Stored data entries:
(* Junk value (an arbitrary point) when the series diverges. *)
Definition CPSeries (a : nat -> C) (z : C) : C :=
  @iota C_CompleteNormedModule (is_pseries a z).

Lemma CPSeries_unique (a : nat -> C) (z l : C) : is_pseries a z l -> CPSeries a z = l.
Proof. exact (iota_filterlim_locally _ l). Qed.

Definition CPS_derive (a : nat -> C) (n : nat) : C := (INR (S n) * a (S n))%C.

Definition poly_bounded (a : nat -> C) (M : R) (p : nat) : Prop :=
  forall n, Cmod (a n) <= M * INR (S n) ^ p.

Lemma poly_bounded_nonneg (a : nat -> C) (M : R) (p : nat) :
  poly_bounded a M p -> 0 <= M.
Proof.
  intro Ha. specialize (Ha O). rewrite pow1, Rmult_1_r in Ha.
  exact (Rle_trans _ _ _ (Cmod_ge_0 _) Ha).
Qed.

Lemma poly_bounded_shift (a : nat -> C) (M : R) (p : nat) :
  poly_bounded a M p -> poly_bounded (fun n => a (S n)) (M * 2 ^ p) p.
Proof.
  intros Ha n. eapply Rle_trans; [apply Ha|].
  rewrite Rmult_assoc, <- Rpow_mult_distr.
  apply Rmult_le_compat_l; [exact (poly_bounded_nonneg a M p Ha)|].
  apply pow_incr. rewrite !S_INR. generalize (pos_INR n). lra.
Qed.

Lemma poly_bounded_CPS_derive (a : nat -> C) (M : R) (p : nat) :
  poly_bounded a M p -> poly_bounded (CPS_derive a) (M * 2 ^ p) (S p).
Proof.
  intros Ha n. unfold CPS_derive.
  rewrite Cmod_mult, Cmod_R, Rabs_pos_eq by apply pos_INR.
  rewrite <- tech_pow_Rmult.
  replace (M * 2 ^ p * (INR (S n) * INR (S n) ^ p))
    with (INR (S n) * (M * 2 ^ p * INR (S n) ^ p)) by ring.
  apply Rmult_le_compat_l; [apply pos_INR | apply (poly_bounded_shift a M p Ha)].
Qed.

Lemma Cmod_pow_n (z : C) (n : nat) : Cmod (pow_n z n) = Cmod z ^ n.
Proof. exact (Cmod_pow z n). Qed.

Lemma is_pseries_CPSeries (a : nat -> C) (M : R) (p : nat) (z : C) :
  poly_bounded a M p -> Cmod z < 1 -> is_pseries a z (CPSeries a z).
Proof.
  intros Ha Hz.
  assert (Hex : ex_pseries a z).
  { apply (ex_series_le (V := C_CompleteNormedModule) _
             (fun n => M * (INR (S n) ^ p * Cmod z ^ n))).
    - intro n. change (Cmod (pow_n z n * a n)%C <= M * (INR (S n) ^ p * Cmod z ^ n)).
      rewrite Cmod_mult, Cmod_pow_n, Rmult_comm, <- Rmult_assoc.
      apply Rmult_le_compat_r; [apply pow_le, Cmod_ge_0 | apply Ha].
    - apply (ex_series_scal_l (V := R_NormedModule)), ex_series_pow_mul_geom.
      split; [apply Cmod_ge_0 | exact Hz]. }
  destruct Hex as [l Hl]. now rewrite (CPSeries_unique a z l Hl).
Qed.

Lemma pow_n_S (z : C) (n : nat) : pow_n z (S n) = (z * pow_n z n)%C.
Proof. reflexivity. Qed.

Definition pow_remainder (n : nat) (u z : C) : C :=
  (pow_n u (S n) - pow_n z (S n) - INR (S n) * pow_n z n * (u - z))%C.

> _Work to be completed_: Line by line, retype all the entries exactly as they are shown.

> _Result_:
(* Junk value (an arbitrary point) when the series diverges. *)
Definition CPSeries (a : nat -> C) (z : C) : C :=
  @iota C_CompleteNormedModule (is_pseries a z).

Lemma CPSeries_unique (a : nat -> C) (z l : C) : is_pseries a z l -> CPSeries a z = l.
Proof. exact (iota_filterlim_locally _ l). Qed.

Definition CPS_derive (a : nat -> C) (n : nat) : C := (INR (S n) * a (S n))%C.

Definition poly_bounded (a : nat -> C) (M : R) (p : nat) : Prop :=
  forall n, Cmod (a n) <= M * INR (S n) ^ p.

Lemma poly_bounded_nonneg (a : nat -> C) (M : R) (p : nat) :
  poly_bounded a M p -> 0 <= M.
Proof.
  intro Ha. specialize (Ha O). rewrite pow1, Rmult_1_r in Ha.
  exact (Rle_trans _ _ _ (Cmod_ge_0 _) Ha).
Qed.

Lemma poly_bounded_shift (a : nat -> C) (M : R) (p : nat) :
  poly_bounded a M p -> poly_bounded (fun n => a (S n)) (M * 2 ^ p) p.
Proof.
  intros Ha n. eapply Rle_trans; [apply Ha|].
  rewrite Rmult_assoc, <- Rpow_mult_distr.
  apply Rmult_le_compat_l; [exact (poly_bounded_nonneg a M p Ha)|].
  apply pow_incr. rewrite !S_INR. generalize (pos_INR n). lra.
Qed.

Lemma poly_bounded_CPS_derive (a : nat -> C) (M : R) (p : nat) :
  poly_bounded a M p -> poly_bounded (CPS_derive a) (M * 2 ^ p) (S p).
Proof.
  intros Ha n. unfold CPS_derive.
  rewrite Cmod_mult, Cmod_R, Rabs_pos_eq by apply pos_INR.
  rewrite <- tech_pow_Rmult.
  replace (M * 2 ^ p * (INR (S n) * INR (S n) ^ p))
    with (INR (S n) * (M * 2 ^ p * INR (S n) ^ p)) by ring.
  apply Rmult_le_compat_l; [apply pos_INR | apply (poly_bounded_shift a M p Ha)].
Qed.

Lemma Cmod_pow_n (z : C) (n : nat) : Cmod (pow_n z n) = Cmod z ^ n.
Proof. exact (Cmod_pow z n). Qed.

Lemma is_pseries_CPSeries (a : nat -> C) (M : R) (p : nat) (z : C) :
  poly_bounded a M p -> Cmod z < 1 -> is_pseries a z (CPSeries a z).
Proof.
  intros Ha Hz.
  assert (Hex : ex_pseries a z).
  { apply (ex_series_le (V := C_CompleteNormedModule) _
             (fun n => M * (INR (S n) ^ p * Cmod z ^ n))).
    - intro n. change (Cmod (pow_n z n * a n)%C <= M * (INR (S n) ^ p * Cmod z ^ n)).
      rewrite Cmod_mult, Cmod_pow_n, Rmult_comm, <- Rmult_assoc.
      apply Rmult_le_compat_r; [apply pow_le, Cmod_ge_0 | apply Ha].
    - apply (ex_series_scal_l (V := R_NormedModule)), ex_series_pow_mul_geom.
      split; [apply Cmod_ge_0 | exact Hz]. }
  destruct Hex as [l Hl]. now rewrite (CPSeries_unique a z l Hl).
Qed.

Lemma pow_n_S (z : C) (n : nat) : pow_n z (S n) = (z * pow_n z n)%C.
Proof. reflexivity. Qed.

Definition pow_remainder (n : nat) (u z : C) : C :=
  (pow_n u (S n) - pow_n z (S n) - INR (S n) * pow_n z n * (u - z))%C.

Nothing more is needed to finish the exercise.